To offer a temporary overnight visit with no hope of a permanent return would be something that she wouldn’t understand. To offer it once and never again would be devastating to her.

Emily (aged 16)

She falls into the category of a small percentage of learning disabled people with her complex range of difficulties. Her behaviours that challenge can manifest quickly, sometimes with unforeseen origin and can be lengthy in duration often causing her to injure herself and others.

So for her to come home today would be impossible to do as a one off.

If it happens today it would have to happen every week. If it happened twice every week, Emily would understandably believe that it could transfer into everyday and from there into every night.

If we were to visit Emily she would think we were gong to take her home today and this would cause her great distress when we said it couldn’t.

Emily doesn’t know it’s her birthday.
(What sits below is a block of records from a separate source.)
(* Let a countable group $G$ act on a set $X$, let $\Phi=(\ell,\phi,\mathcal{Z},\Gamma,\mathcal{H})$ be a chart for $G$, let $\epsilon>0$, let $q$ satisfy $6\epsilon<q<1-\epsilon$, and let $A\subseteq\mathbb{Z}^\ell\times\Gamma$ be a centered rectangle. Let $E$ be a $(\Phi,A,\epsilon)$-rectangular equivalence relation on $X$ and suppose the $E$-class $U$ is $(\Phi,\delta)$-roughly $B$ at $x\in X^{\mathcal{H}}$, where $B$ is a rectangle with $A\sqsubseteq B$, $2^{22\ell}\cdot B\subseteq\mathrm{dom}(\phi)$, and $2\delta\cdot B\sqsubseteq\epsilon\cdot A$. Writing $b=\mathrm{L}(B)$, for each $1\le i\le\ell$, $$\partial_i^\Phi(E,q\cdot A)\cap U\subseteq\phi\big(-b_i\cdot e_i+B^i+2q\cdot A\big)\cdot x\ \cup\ \phi\big(b_i\cdot e_i+B^i+2q\cdot A\big)\cdot x.$$
   Context: Rectangles: Let $\Gamma$ be a finite additive abelian group with identity $0_\Gamma$ and $\ell\in\mathbb{N}$. Elements $v$ of $\mathbb{R}^\ell\times\Gamma$ have coordinates $v_1,\dots,v_\ell\in\mathbb{R}$, $v_{\ell+1}\in\Gamma$; $\mathbf{0}$ has first $\ell$ coordinates $0$, last $0_\Gamma$; $e_i$ has $i$-th coordinate $1$, other real coordinates $0$, last $0_\Gamma$; $\lambda\cdot v=(\lambda v_1,\dots,\lambda v_\ell,v_{\ell+1})$. $\mathrm{Rec}(a)=\{b\in\mathbb{Z}^\ell\times\Gamma: -|a_i|\le b_i\le|a_i|,\ 1\le i\le\ell\}$. A rectangle is $c+\mathrm{Rec}(a)$ with $c,a\in\mathbb{Z}^\ell\times\Gamma$; uniquely written with center $c\in\mathbb{Z}^\ell\times\{0_\Gamma\}$ and radius vector $\mathrm{L}(A)=a\in\mathbb{N}^\ell\times\{0_\Gamma\}$, entries $\mathrm{L}_i(A)$. Centered means center $\mathbf{0}$. $A\sqsubseteq B$ means $\mathrm{L}_i(A)\le\mathrm{L}_i(B)$ for all $i$. For $\lambda>0$, $\lambda\cdot A=c+\mathrm{Rec}(\lambda\cdot\mathrm{L}(A))$ ($c$ the center of $A$). $A^i=c+\mathrm{Rec}(\mathrm{L}(A)-\mathrm{L}_i(A)\cdot e_i)$. Sums are elementwise. Charts: a chart for $G$ is $\Phi=(\ell,\phi,\mathcal{Z},\Gamma,\mathcal{H})$ with $\mathcal{H}$ a finite collection of pairwise conjugate subgroups of $G$, $\Gamma$ finite abelian, $\mathcal{Z}$ a centered rectangle with all $\mathrm{L}_i(\mathcal{Z})>0$, $\phi$ an injective map into $G$ with $\mathrm{dom}(\phi)$ a centered rectangle containing $3\cdot\mathcal{Z}$, $\phi(\mathbf{0})=1_G$, and for all $r,s\in\mathrm{dom}(\phi)$, $H\in\mathcal{H}$: $\phi(r)H=\phi(s)H\Rightarrow r=s$; $r+s+\mathcal{Z}\subseteq\mathrm{dom}(\phi)\Rightarrow\exists z\in\mathcal{Z}:\phi(r)\phi(s)H=\phi(r+s+z)H$; $r-s+\mathcal{Z}\subseteq\mathrm{dom}(\phi)\Rightarrow\exists z:\phi(r)\phi(s)^{-1}H=\phi(r-s+z)H$; $-r+s+\mathcal{Z}\subseteq\mathrm{dom}(\phi)\Rightarrow\exists z:\phi(r)^{-1}\phi(s)H=\phi(-r+s+z)H$; $-s+\mathcal{Z}\subseteq\mathrm{dom}(\phi)\Rightarrow\exists z:\phi(s)^{-1}H=\phi(-s+z)H$. $\phi(S)\cdot x=\{\phi(s)\cdot x:s\in S\}$; $X^{\mathcal{H}}=\{x\in X:\mathrm{Stab}(x)\in\mathcal{H}\}$. Rough rectangles: for a rectangle $B$ with $2\cdot B\subseteq\mathrm{dom}(\phi)$, $x\in X^{\mathcal{H}}$, $0<\delta<1$, $R\subseteq X$ is $(\Phi,\delta)$-roughly $B$ at $x$ if $2\cdot\mathcal{Z}\sqsubseteq\delta\cdot B$ and $\phi((1-\delta)\cdot B)\cdot x\subseteq R\subseteq\phi((1+\delta)\cdot B)\cdot x$. Rectangular: for $A$ centered and $0<\epsilon<1$, $E$ is $(\Phi,A,\epsilon)$-rectangular if every $E$-class not meeting $X^{\mathcal{H}}$ is a singleton and every $E$-class $U$ meeting $X^{\mathcal{H}}$ is $(\Phi,\delta)$-roughly $B$ at some point of $X^{\mathcal{H}}$ for some $\delta>0$ and rectangle $B$ with $A\sqsubseteq B$, $2^{22\ell}\cdot B\subseteq\mathrm{dom}(\phi)$, $2\delta\cdot B\sqsubseteq\epsilon\cdot A$. Boundary: for $A'\subseteq\mathrm{dom}(\phi)$ centered and $1\le i\le\ell$, $\partial_i^\Phi(E,A')$ is the set of $x\in X^{\mathcal{H}}$ with $[\phi(A'^i-\mathrm{L}_i(A')\cdot e_i)\cdot x]_E\cap[\phi(A'^i+\mathrm{L}_i(A')\cdot e_i)\cdot x]_E=\varnothing$, $[Y]_E$ denoting the $E$-saturation. *)

From HB Require Import structures.
From mathcomp Require Import all_boot all_order all_algebra.
From mathcomp Require Import reals.
From Stdlib Require List.
Set Implicit Arguments. Unset Strict Implicit. Unset Printing Implicit Defensive.
Import Order.TTheory GRing.Theory Num.Theory.
Local Open Scope ring_scope.

Record grp := Grp {
  gcar :> Type;
  gmul : gcar -> gcar -> gcar;
  ginv : gcar -> gcar;
  gone : gcar;
  gmulA : forall a b c, gmul a (gmul b c) = gmul (gmul a b) c;
  gmul1g : forall a, gmul gone a = a;
  gmulg1 : forall a, gmul a gone = a;
  gmulVg : forall a, gmul (ginv a) a = gone;
  gmulgV : forall a, gmul a (ginv a) = gone }.

Definition countable_grp (G : grp) : Prop := exists f : G -> nat, injective f.

Definition is_action (G : grp) (X : Type) (act : G -> X -> X) : Prop :=
  (forall x, act (gone G) x = x) /\
  (forall g h x, act (gmul g h) x = act g (act h x)).

Definition is_subgroup (G : grp) (H : G -> Prop) : Prop :=
  [/\ H (gone G), (forall a b, H a -> H b -> H (gmul a b))
    & (forall a, H a -> H (ginv a))].

Definition conjugate_subgroups (G : grp) (H1 H2 : G -> Prop) : Prop :=
  exists g : G, forall k, H2 k <-> exists2 h, H1 h & k = gmul g (gmul h (ginv g)).

Definition lcoset_eq (G : grp) (H : G -> Prop) (g g' : G) : Prop :=
  forall k, (exists2 h, H h & k = gmul g h) <-> (exists2 h, H h & k = gmul g' h).

Definition stab (G : grp) (X : Type) (act : G -> X -> X) (x : X) : G -> Prop :=
  fun g => act g x = x.

Definition in_XH (G : grp) (X : Type) (act : G -> X -> X) (Hs : seq (G -> Prop))
  (x : X) : Prop :=
  exists2 H, List.In H Hs & forall g, stab act x g <-> H g.

Definition pt (l : nat) (Gam : finZmodType) := ({ffun 'I_l -> int} * Gam)%type.

Definition padd l (Gam : finZmodType) (u v : pt l Gam) : pt l Gam :=
  ([ffun i => u.1 i + v.1 i], u.2 + v.2).
Definition popp l (Gam : finZmodType) (u : pt l Gam) : pt l Gam :=
  ([ffun i => - u.1 i], - u.2).
Definition p0 l (Gam : finZmodType) : pt l Gam := ([ffun=> 0], 0).
Definition pe l (Gam : finZmodType) (i : 'I_l) (t : int) : pt l Gam :=
  ([ffun j => if j == i then t else 0], 0).
Arguments pe {l} Gam i t.

Definition incl T (S S' : T -> Prop) : Prop := forall t, S t -> S' t.
Definition psingle T (v : T) : T -> Prop := fun w => w = v.
Definition sadd l (Gam : finZmodType) (S S' : pt l Gam -> Prop) : pt l Gam -> Prop :=
  fun v => exists u w, [/\ S u, S' w & v = padd u w].

(* ---------- rectangles, in unique form: center in Z^l x {0}, radius in N^l ---------- *)
Record rect (l : nat) := Rect { rc : 'I_l -> int; rr : 'I_l -> nat }.

Definition rset l (Gam : finZmodType) (B : rect l) : pt l Gam -> Prop :=
  fun v => forall i, `|v.1 i - rc B i| <= (rr B i)%:Z.
Arguments rset {l} Gam B.

Definition centered l (B : rect l) : Prop := forall i, rc B i = 0.
Definition sqle l (A B : rect l) : Prop := forall i, (rr A i <= rr B i)%N.
Definition rscale (R : realType) l (lam : R) (B : rect l) : rect l :=
  Rect (rc B) (fun i => Num.truncn (lam * (rr B i)%:R)).
Definition rnscale l (n : nat) (B : rect l) : rect l :=
  Rect (rc B) (fun i => (n * rr B i)%N).
Definition rface l (B : rect l) (i : 'I_l) : rect l :=
  Rect (rc B) (fun j => if j == i then 0%N else rr B j).

(* phi(S) . x ; phi is only meaningful on its domain D *)
Definition img (G : grp) (X : Type) (act : G -> X -> X) l (Gam : finZmodType)
  (D : rect l) (phi : pt l Gam -> G) (S : pt l Gam -> Prop) (x : X) : X -> Prop :=
  fun y => exists2 s, S s /\ rset Gam D s & y = act (phi s) x.

(* ---------- charts: Phi = (l, phi, Z, Gamma, Hs), dom(phi) = D ---------- *)
Definition is_chart (G : grp) l (Gam : finZmodType) (phi : pt l Gam -> G)
  (D Z : rect l) (Hs : seq (G -> Prop)) : Prop :=
  [/\ (forall H, List.In H Hs -> is_subgroup H),
      (forall H1 H2, List.In H1 Hs -> List.In H2 Hs -> conjugate_subgroups H1 H2),
      centered Z /\ (forall i, (0 < rr Z i)%N),
      [/\ centered D, incl (rset Gam (rnscale 3 Z)) (rset Gam D),
      (forall r s, rset Gam D r -> rset Gam D s -> phi r = phi s -> r = s) &
      phi (p0 l Gam) = gone G]
    & forall r s H, rset Gam D r -> rset Gam D s -> List.In H Hs ->
      [/\ lcoset_eq H (phi r) (phi s) -> r = s,
          incl (sadd (psingle (padd r s)) (rset Gam Z)) (rset Gam D) ->
            exists2 z, rset Gam Z z &
              lcoset_eq H (gmul (phi r) (phi s)) (phi (padd (padd r s) z)),
          incl (sadd (psingle (padd r (popp s))) (rset Gam Z)) (rset Gam D) ->
            exists2 z, rset Gam Z z &
              lcoset_eq H (gmul (phi r) (ginv (phi s))) (phi (padd (padd r (popp s)) z)),
          incl (sadd (psingle (padd (popp r) s)) (rset Gam Z)) (rset Gam D) ->
            exists2 z, rset Gam Z z &
              lcoset_eq H (gmul (ginv (phi r)) (phi s)) (phi (padd (padd (popp r) s) z))
        & incl (sadd (psingle (popp s)) (rset Gam Z)) (rset Gam D) ->
            exists2 z, rset Gam Z z &
              lcoset_eq H (ginv (phi s)) (phi (padd (popp s) z))]].

Definition is_equiv (X : Type) (E : X -> X -> Prop) : Prop :=
  [/\ (forall x, E x x), (forall x y, E x y -> E y x)
    & (forall x y z, E x y -> E y z -> E x z)].
Definition is_class (X : Type) (E : X -> X -> Prop) (U : X -> Prop) : Prop :=
  exists y, forall z, U z <-> E y z.
Definition sat (X : Type) (E : X -> X -> Prop) (Y : X -> Prop) : X -> Prop :=
  fun z => exists2 y, Y y & E z y.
If she knew it was I would have found someway to see her. I would have built a gradual change into the visits and dealt with it in advance, but she doesn’t. She thinks it’s on Monday.

But I know.

This is the first time it’s happened.

In the past Emily has refused to celebrate her birthday, because the change was too overwhelming for her. I’d lead up to it with charts and indicators and there would be parties which Emily, like a female Jay Gatsby, would monitor from the safety of her room and participate in briefly, if at all.
 
The amazing "ABBA Again"

Last year for her 18th Birthday we had a party on her birthday with "ABBA Again" tribute act at the school.

This year Emily wants to return to a happier time in her life and have a party like she did when she was little; at home with the friends who she never sees anymore and she wants them to attend as the children they no longer are.

This is extraordinarily difficult to explain. There are some things that no one can mitigate or facilitate for Emily and it’s not her fault she can’t understand it..

There are many aspects of being Emily’s parents that are difficult, many facets of her life, which will forever be painful for her to experience and heartbreaking for us to witness. This is as nothing compared to the pain and torment she experiences.

My default setting of fear for my lovely girl will always be at maximum.

Today is another day when we can’t be with her. I can intellectualise it but it doesn’t cancel out the pain.

Phil and I can’t take the pain away from each other either, all we can do is distract ourselves and be together.

I couldn’t vocalise this to him because it was too big to talk about. My catharsis lies in being able to articulate it through writing it here.  So I did and he asked me to read it to him.

There is no one else in the world who can understand what we’re feeling and experiencing, other than the two of us because we’re her parents.

I offer this as with every blog that details our lives, in the hope that it may help others who are experiencing a pain like ours.


And to offer a window through which those, who don’t know, may choose to see.